== EXERCISE GOAL ==
In the data below, one line contains "set s := undup (msupp p ++ msupp (a *: p))." and a later one contains "Lemma actpX x". Print both, with every line between them, exactly and alone.

Stored items:
BEGIN

Lemma actpDr x u p q : actp x u (p + q) = actp x u p + actp x u q.
Proof.
set s := undup (msupp p ++ msupp q ++ msupp (p + q)).
rewrite !(@actp_supp _ _ _ s);
  try by [apply: undup_uniq | move=> m hm; rewrite mem_undup !mem_cat hm ?orbT].
by rewrite -big_split; apply: eq_bigr => m _; rewrite mcoeffD scalerDl.
Qed.
Lemma actpZr x u a p : actp x u (a *: p) = a *: actp x u p.
Proof.
set s := undup (msupp p ++ msupp (a *: p)).
rewrite !(@actp_supp _ _ _ s);
  try by [apply: undup_uniq | move=> m hm; rewrite mem_undup !mem_cat hm ?orbT].
by rewrite scaler_sumr; apply: eq_bigr => m _; rewrite mcoeffZ scalerA.
Qed.
Lemma actp0r x u : actp x u 0 = 0.
Proof. by rewrite /actp msupp0 big_nil. Qed.
Lemma actpNr x u p : actp x u (- p) = - actp x u p.
Proof. by rewrite -scaleN1r actpZr scaleN1r. Qed.
Lemma actp_sumr x u I (r : seq I) (P : pred I) (F : I -> {mpoly k[n]}) :
  actp x u (\sum_(i <- r | P i) F i) = \sum_(i <- r | P i) actp x u (F i).
Proof. by apply: (big_morph (actp x u)) => [a b|]; rewrite ?actpDr ?actp0r. Qed.
Lemma actpX x u m : actp x u 'X_[m] = actm x u m.
Proof. by rewrite /actp msuppX big_seq1 mcoeffX eqxx scale1r. Qed.

Lemma actpDl x u v p : actp x (u + v) p = actp x u p + actp x v p.
Proof.
by rewrite /actp -big_split; apply: eq_bigr => m _; rewrite /actm actm_seqD scalerDr.
Qed.
Lemma actpZl x a u p : actp x (a *: u) p = a *: actp x u p.
Proof.
by rewrite /actp scaler_sumr; apply: eq_bigr => m _; rewrite /actm actm_seqZ !scalerA mulrC.
Qed.
Lemma actp0l x p : actp x 0 p = 0.
Proof. by rewrite /actp big1 // => m _; rewrite /actm actm_seq0 scaler0. Qed.
Lemma actp_suml x p I (r : seq I) (P : pred I) (F : I -> L) :
  actp x (\sum_(i <- r | P i) F i) p = \sum_(i <- r | P i) actp x (F i) p.
Proof. by apply: (big_morph (actp x ^~ p)) => [a b|]; rewrite ?actpDl ?actp0l. Qed.
Lemma actp_derived x u p : derived u -> derived (actp x u p).
Proof. by move=> hu; apply: derived_sum => m _; apply: derivedZ; apply: actm_seq_derived. Qed.

Lemma actp1 x u : actp x u 1 = u.
Proof. by rewrite -mpolyX0 actpX; apply: actm_seq_id => i _; rewrite mnm0E. Qed.

Lemma actpXU x u a : actp x u 'X_a = lbr u (x a).
Proof.
rewrite actpX /actm; have : a \in enum 'I_n by rewrite mem_enum.
have : uniq (enum 'I_n) by apply: enum_uniq.
elim: (enum 'I_n) u => //= i s IH u /andP [nis us].
rewrite inE mnm1E; case: (eqVneq a i) => [-> _ | ai /= /(IH _ us) -> //] /=.
rewrite actm_seq_id // => j js; rewrite mnm1E.
by case: (eqVneq i j) js nis => // <- ->.
Qed.

Lemma iter_lbr_derivedAC c j u d :
  derived u -> iter j (lbr^~ c) (lbr u d) = lbr (iter j (lbr^~ c) u) d.
Proof.
by move=> hu; elim: j => //= j ->; rewrite lbr_derivedAC //; apply: iter_lbr_derived.
Qed.
Lemma actm_seq_iter x m s u j c : derived u ->
  actm_seq x (iter j (lbr^~ c) u) m s = iter j (lbr^~ c) (actm_seq x u m s).
Proof.
have br_comm u' d : derived u' -> actm_seq x (lbr u' d) m s = lbr (actm_seq x u' m s) d.
  elim: s u' => //= i s IH u' hu'.
  by rewrite iter_lbr_derivedAC // IH //; apply: iter_lbr_derived.
by move=> hu; elim: j => //= j IH; rewrite br_comm ?IH //; apply: iter_lbr_derived.
Qed.
Lemma actm_seqD_mnm x m1 m2 s u :
  derived u -> actm_seq x (actm_seq x u m1 s) m2 s = actm_seq x u (m1 + m2) s.
Proof.
elim: s u => //= i s IH u hu.
rewrite -actm_seq_iter; last exact: iter_lbr_derived.
rewrite IH; last by do 2 apply: iter_lbr_derived.
by rewrite mnmDE addnC iterD.
Qed.

Lemma actpM x u p q : derived u -> actp x (actp x u p) q = actp x u (p * q).
Proof.
move=> hu.
have actpXM m : actp x (actm x u m) q = actp x u ('X_[m] * q).
  rewrite [in RHS](mpolyE q) [in LHS](mpolyE q) mulr_sumr !actp_sumr.
  apply: eq_bigr => m' _.
  by rewrite actpZr -scalerAr actpZr actpX -mpolyXD actpX /actm actm_seqD_mnm.
rewrite [in RHS](mpolyE p) mulr_suml [actp x u p]/actp actp_suml actp_sumr.
apply: eq_bigr => m _.
by rewrite actpZl -scalerAl actpZr actpXM.
Qed.

Lemma actp_derived_eq x y u p :
  (forall i, derived (x i - y i)) -> derived u -> actp x u p = actp y u p.
Proof.
move=> hxy hu; apply: eq_bigr => m _; congr (_ *: _); rewrite /actm.
elim: (enum 'I_n) u hu => //= i s IH u hu; rewrite -IH; last exact: iter_lbr_derived.
congr actm_seq; elim: (m i) => //= j ->.
rewrite -[x i](subrK (y i)) lbrDr (lbr_derived _ (hxy i)) ?add0r //.
by apply: iter_lbr_derived.
Qed.

End PolyAction.

Section TermAction.
Variables (k : fieldType) (V : Type) (n : nat).

Lemma lpi_pact (x : 'I_n -> lterm k V) y f :
  lpi (pact x y f) = actp (fun i => lpi (x i)) (lpi y) f.
Proof.
rewrite /pact lpi_lsum big_map; apply: eq_bigr => m _; rewrite lpiZ; congr (_ *: _).
rewrite /act_mono /actm /actm_seq; elim: (enum 'I_n) y => //= i s IH y.
by rewrite IH; congr foldl; elim: (m i) => //= j IHj; rewrite lpi_br IHj.
Qed.

Lemma lpi_sys_lhs l m (f : 'I_m -> 'I_l -> {mpoly k[n]}) (x : 'I_n -> lterm k V)
    (y : 'I_l -> lterm k V) i :
  lpi (sys_lhs f x y i) = \sum_(j <- enum 'I_l) actp (fun i => lpi (x i)) (lpi (y j)) (f i j).
Proof. by rewrite /sys_lhs lpi_lsum big_map; apply: eq_bigr => j _; rewrite lpi_pact. Qed.

Lemma fmlhom_actp W (s : V -> fml k W) (x : 'I_n -> fml k V) u p :
  fmlhom s (actp x u p) = actp (fun i => fmlhom s (x i)) (fmlhom s u) p.
Proof.
rewrite /actp fmlhom_sum; apply: eq_bigr => m _; rewrite fmlhomZ; congr (_ *: _).
rewrite /actm /actm_seq; elim: (enum 'I_n) u => //= i r IH u.
by rewrite IH; congr foldl; elim: (m i) => //= j IHj; rewrite fmlhom_lbr IHj.
Qed.

End TermAction.

Section LinearPart.
Variables (k : fieldType) (n : nat).
Local Notation L := (fml k 'I_n).
Local Notation K := #|{: 'I_n * 'I_n}|.

Fixpoint lin_term (w : 'I_n) (t : lterm k 'I_n) : k :=
  match t with
  | LVar v => (v == w)%:R
  | LZero => 0
  | LAdd a b => lin_term w a + lin_term w b
  | LScale c a => c * lin_term w a
  | LBr _ _ => 0
  end.

Lemma lin_term_eqv a b : eqv a b -> forall w, lin_term w a = lin_term w b.
Proof. by elim=> /=; intros; try ring; congruence. Qed.

Definition gen (i : 'I_n) : L := lpi (LVar i).

Lemma sum_gen_delta v : \sum_w (v == w)%:R *: gen w = gen v.
Proof.
rewrite (bigD1 v) //= eqxx scale1r big1 ?addr0 // => w /negPf.
by rewrite eq_sym => ->; rewrite scale0r.
Qed.

(* The products a_a a_b, padded by one zero so that the index type has the form 'I_K.+1,
   as Cayley_Hamilton requires. *)
Definition gen2 (j : 'I_K.+1) : L :=
  if unlift ord_max j is Some j' then let: (a, b) := enum_val j' in lbr (gen a) (gen b)
  else 0.

Lemma gen2_lift a b : gen2 (lift ord_max (enum_rank (a, b))) = lbr (gen a) (gen b).
Proof. by rewrite /gen2 liftK enum_rankK. Qed.

Lemma gen2P j : gen2 j = 0 \/ exists a b, gen2 j = lbr (gen a) (gen b).
Proof.
rewrite /gen2; case: unlift => [j'|]; last by left.
by case: enum_val => a b; right; exists a, b.
Qed.

Lemma gen2_derived j : derived (gen2 j).
Proof. by have [->|[a [b ->]]] := gen2P j; [apply: derived0 | apply: derived_lbr]. Qed.

Lemma gen2_delta j : gen2 j = \sum_l actp gen (gen2 l) (j == l)%:R.
Proof.
rewrite (bigD1 j) //= eqxx actp1 big1 ?addr0 // => i /negPf.
by rewrite eq_sym => ->; rewrite actp0r.
Qed.

Definition gen2_span (q : L) :=
  exists P : 'I_K.+1 -> {mpoly k[n]}, q = \sum_j actp gen (gen2 j) (P j).

Lemma actp_gen2_comb (P : 'I_K.+1 -> {mpoly k[n]}) p :
  actp gen (\sum_j actp gen (gen2 j) (P j)) p = \sum_j actp gen (gen2 j) (P j * p).
Proof. by rewrite actp_suml; apply: eq_bigr => j _; rewrite actpM //; apply: gen2_derived. Qed.

Lemma gen2_span_derived q : gen2_span q -> derived q.
Proof.
by move=> [P ->]; apply: derived_sum => j _; apply: actp_derived; apply: gen2_derived.
Qed.

Lemma gen2_span0 : gen2_span 0.
Proof. by exists (fun _ => 0); rewrite big1 // => j _; rewrite actp0r. Qed.
Lemma gen2_spanD a b : gen2_span a -> gen2_span b -> gen2_span (a + b).
Proof.
move=> [P ->] [Q ->]; exists (fun j => P j + Q j).
by rewrite -big_split; apply: eq_bigr => j _; rewrite actpDr.
Qed.
Lemma gen2_spanZ c a : gen2_span a -> gen2_span (c *: a).
Proof.
move=> [P ->]; exists (fun j => c *: P j).
by rewrite scaler_sumr; apply: eq_bigr => j _; rewrite actpZr.
Qed.
Lemma gen2_span_sum I (r : seq I) (P : pred I) (F : I -> L) :
  (forall i, P i -> gen2_span (F i)) -> gen2_span (\sum_(i <- r | P i) F i).
Proof.
move=> h; elim/big_rec: _ => [|i x Pi hx]; first exact: gen2_span0.
by apply: gen2_spanD => //; apply: h.
Qed.
Lemma gen2_span_lbr a b : gen2_span a -> gen2_span (lbr a (gen b)).
Proof.
move=> [P ->]; rewrite -actpXU; exists (fun j => P j * 'X_b).
rewrite actp_suml; apply: eq_bigr => j _; rewrite actpM //; exact: gen2_derived.
Qed.
Lemma gen2_span_gen2 a b : gen2_span (lbr (gen a) (gen b)).
Proof.
rewrite -gen2_lift; exists (fun l => (lift ord_max (enum_rank (a, b)) == l)%:R).
exact: gen2_delta.
Qed.

Lemma lin_term_decomp t : gen2_span (lpi t - \sum_w lin_term w t *: gen w).
Proof.
elim: t => [v||a IHa b IHb|c a IH|a IHa b IHb] /=.
- by rewrite sum_gen_delta subrr; apply: gen2_span0.
- by rewrite lpi0 big1 ?subrr; [apply: gen2_span0 | move=> w _; rewrite scale0r].
- under eq_bigr do rewrite scalerDl.
  by rewrite lpiD big_split opprD addrACA; apply: gen2_spanD.
- under eq_bigr do rewrite -scalerA.
  by rewrite lpiZ -scaler_sumr -scalerBr; apply: gen2_spanZ.
- rewrite big1 => [|w _]; last by rewrite scale0r.
  rewrite subr0 lpi_br.
  set A := \sum_w _ *: gen w in IHa; set B := \sum_w _ *: gen w in IHb.
  rewrite -(subrK A (lpi a)) -(subrK B (lpi b)).
  move: (lpi a - A) (lpi b - B) IHa IHb => Ga Gb hGa hGb.
  rewrite lbrDl !lbrDr (lbr_derived (gen2_span_derived hGa) (gen2_span_derived hGb)) add0r.
  apply: gen2_spanD; last apply: gen2_spanD.
  + rewrite /B lbr_sumr; apply: gen2_span_sum => w _; rewrite lbrZr; apply: gen2_spanZ.
    exact: gen2_span_lbr.
  + rewrite /A lbr_suml; apply: gen2_span_sum => w _; rewrite lbrZl; apply: gen2_spanZ.
    by rewrite lbrC -scaleN1r; apply: gen2_spanZ; apply: gen2_span_lbr.
  + rewrite /B lbr_sumr; apply: gen2_span_sum => w _; rewrite lbrZr; apply: gen2_spanZ.
    rewrite /A lbr_suml; apply: gen2_span_sum => w' _; rewrite lbrZl; apply: gen2_spanZ.
    exact: gen2_span_gen2.
Qed.

Definition lin (q : L) w := lin_term w (lrepr q).

Lemma lin_lpi t w : lin (lpi t) w = lin_term w t.
Proof. by apply: lin_term_eqv; apply: lpi_repr. Qed.

Lemma linD a b w : lin (a + b) w = lin a w + lin b w.
Proof. by move: a b; elim/fml_ind=> a; elim/fml_ind=> b; rewrite -lpiD !lin_lpi. Qed.
Lemma linZ c a w : lin (c *: a) w = c * lin a w.
Proof. by move: a; elim/fml_ind=> a; rewrite -lpiZ !lin_lpi. Qed.
Lemma lin0 w : lin 0 w = 0.
Proof. by rewrite -lpi0 lin_lpi. Qed.
Lemma lin_sum I (r : seq I) (P : pred I) (F : I -> L) w :
  lin (\sum_(i <- r | P i) F i) w = \sum_(i <- r | P i) lin (F i) w.
Proof. by apply: (big_morph (lin ^~ w)) => [a b|]; rewrite ?linD ?lin0. Qed.
Lemma lin_gen i w : lin (gen i) w = (i == w)%:R.
Proof. exact: lin_lpi. Qed.

Lemma lin_derived q w : derived q -> lin q w = 0.
Proof.
move=> [p ->]; rewrite lin_sum big1 // => -[a b] _ /=.
by move: a b; elim/fml_ind=> a; elim/fml_ind=> b; rewrite -lpi_br lin_lpi.
Qed.

Lemma lin_decomp q : gen2_span (q - \sum_w lin q w *: gen w).
Proof. by elim/fml_ind: q => t; under eq_bigr do rewrite lin_lpi; apply: lin_term_decomp. Qed.

Lemma derivedP q : derived q <-> forall w, lin q w = 0.
Proof.
split => [hq w|h]; first exact: lin_derived.
by have := gen2_span_derived (lin_decomp q); rewrite big1 ?subr0 // => w _; rewrite h scale0r.
Qed.

Lemma derived_gen2_span q : derived q -> gen2_span q.
Proof.
by move=> hq; have := lin_decomp q; rewrite big1 ?subr0 // => w _; rewrite lin_derived ?scale0r.
Qed.

End LinearPart.

Arguments gen {k n}.
Arguments gen2 {k n}.

Lemma lin_fmlhom (k : fieldType) r n (phi : 'I_r -> fml k 'I_n) q j :
  lin (fmlhom phi q) j = \sum_w lin q w * lin (phi w) j.
Proof.
elim/fml_ind: q => t; rewrite fmlhom_lpi lin_lpi.
under eq_bigr do rewrite lin_lpi.
elim: t => [v||a IHa b IHb|c a IH|a _ b _] /=.
- rewrite (bigD1 v) //= eqxx mul1r big1 ?addr0 // => w.
  by rewrite eq_sym => /negPf ->; rewrite mul0r.
- by rewrite big1 // => w _; rewrite mul0r.
- by rewrite IHa IHb -big_split; apply: eq_bigr => w _; rewrite mulrDl.
- by rewrite IH mulr_sumr; apply: eq_bigr => w _; rewrite mulrA.
- by rewrite big1 // => w _; rewrite mul0r.
Qed.

(* A 4-dimensional metabelian Lie algebra: with e1, e2, e3, e4 the coordinate vectors,
   e1 e2 = e3 and e3 e1 = e4 are the only nonzero products of basis vectors. *)
Section TestAlgebra.
Variables (k : fieldType) (V : Type).

Record tst := Tst { t1 : k; t2 : k; t3 : k; t4 : k }.

Definition tst_br a b :=
  Tst 0 0 (t1 a * t2 b - t2 a * t1 b) (t3 a * t1 b - t1 a * t3 b).

Fixpoint tst_eval (e : V -> tst) (t : lterm k V) : tst :=
  match t with
  | LVar v => e v
  | LZero => Tst 0 0 0 0
  | LAdd a b => let: (a, b) := (tst_eval e a, tst_eval e b) in
      Tst (t1 a + t1 b) (t2 a + t2 b) (t3 a + t3 b) (t4 a + t4 b)
  | LScale c a => let: a := tst_eval e a in Tst (c * t1 a) (c * t2 a) (c * t3 a) (c * t4 a)
  | LBr a b => tst_br (tst_eval e a) (tst_eval e b)
  end.

Lemma tst_eval_eqv e a b : eqv a b -> tst_eval e a = tst_eval e b.
Proof.
elim=> /=; intros; try congruence; rewrite /tst_br /=; try (congr Tst; ring);
  by case: (tst_eval e _) => ????; rewrite /= ?add0r ?mul1r.
Qed.

End TestAlgebra.

Section TestEvaluation.
Variables (k : fieldType) (r : nat).
Implicit Types (p q : 'I_r) (t x y : lterm k 'I_r).

Lemma tst_eval_lin p q t :
  let e w := Tst (w == p)%:R (w == q)%:R 0 0 in
  t1 (tst_eval e t) = lin_term p t /\ t2 (tst_eval e t) = lin_term q t.
Proof.
move=> e; elim: t => [v||a [Ya1 Ya2] b [Yb1 Yb2]|c a [Y1 Y2]|a _ b _] //=.
- by rewrite Ya1 Ya2 Yb1 Yb2.
- by rewrite Y1 Y2.
Qed.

END

== SOLUTION ==
set s := undup (msupp p ++ msupp (a *: p)).
rewrite !(@actp_supp _ _ _ s);
  try by [apply: undup_uniq | move=> m hm; rewrite mem_undup !mem_cat hm ?orbT].
by rewrite scaler_sumr; apply: eq_bigr => m _; rewrite mcoeffZ scalerA.
Qed.
Lemma actp0r x u : actp x u 0 = 0.
Proof. by rewrite /actp msupp0 big_nil. Qed.
Lemma actpNr x u p : actp x u (- p) = - actp x u p.
Proof. by rewrite -scaleN1r actpZr scaleN1r. Qed.
Lemma actp_sumr x u I (r : seq I) (P : pred I) (F : I -> {mpoly k[n]}) :
  actp x u (\sum_(i <- r | P i) F i) = \sum_(i <- r | P i) actp x u (F i).
Proof. by apply: (big_morph (actp x u)) => [a b|]; rewrite ?actpDr ?actp0r. Qed.
Lemma actpX x u m : actp x u 'X_[m] = actm x u m.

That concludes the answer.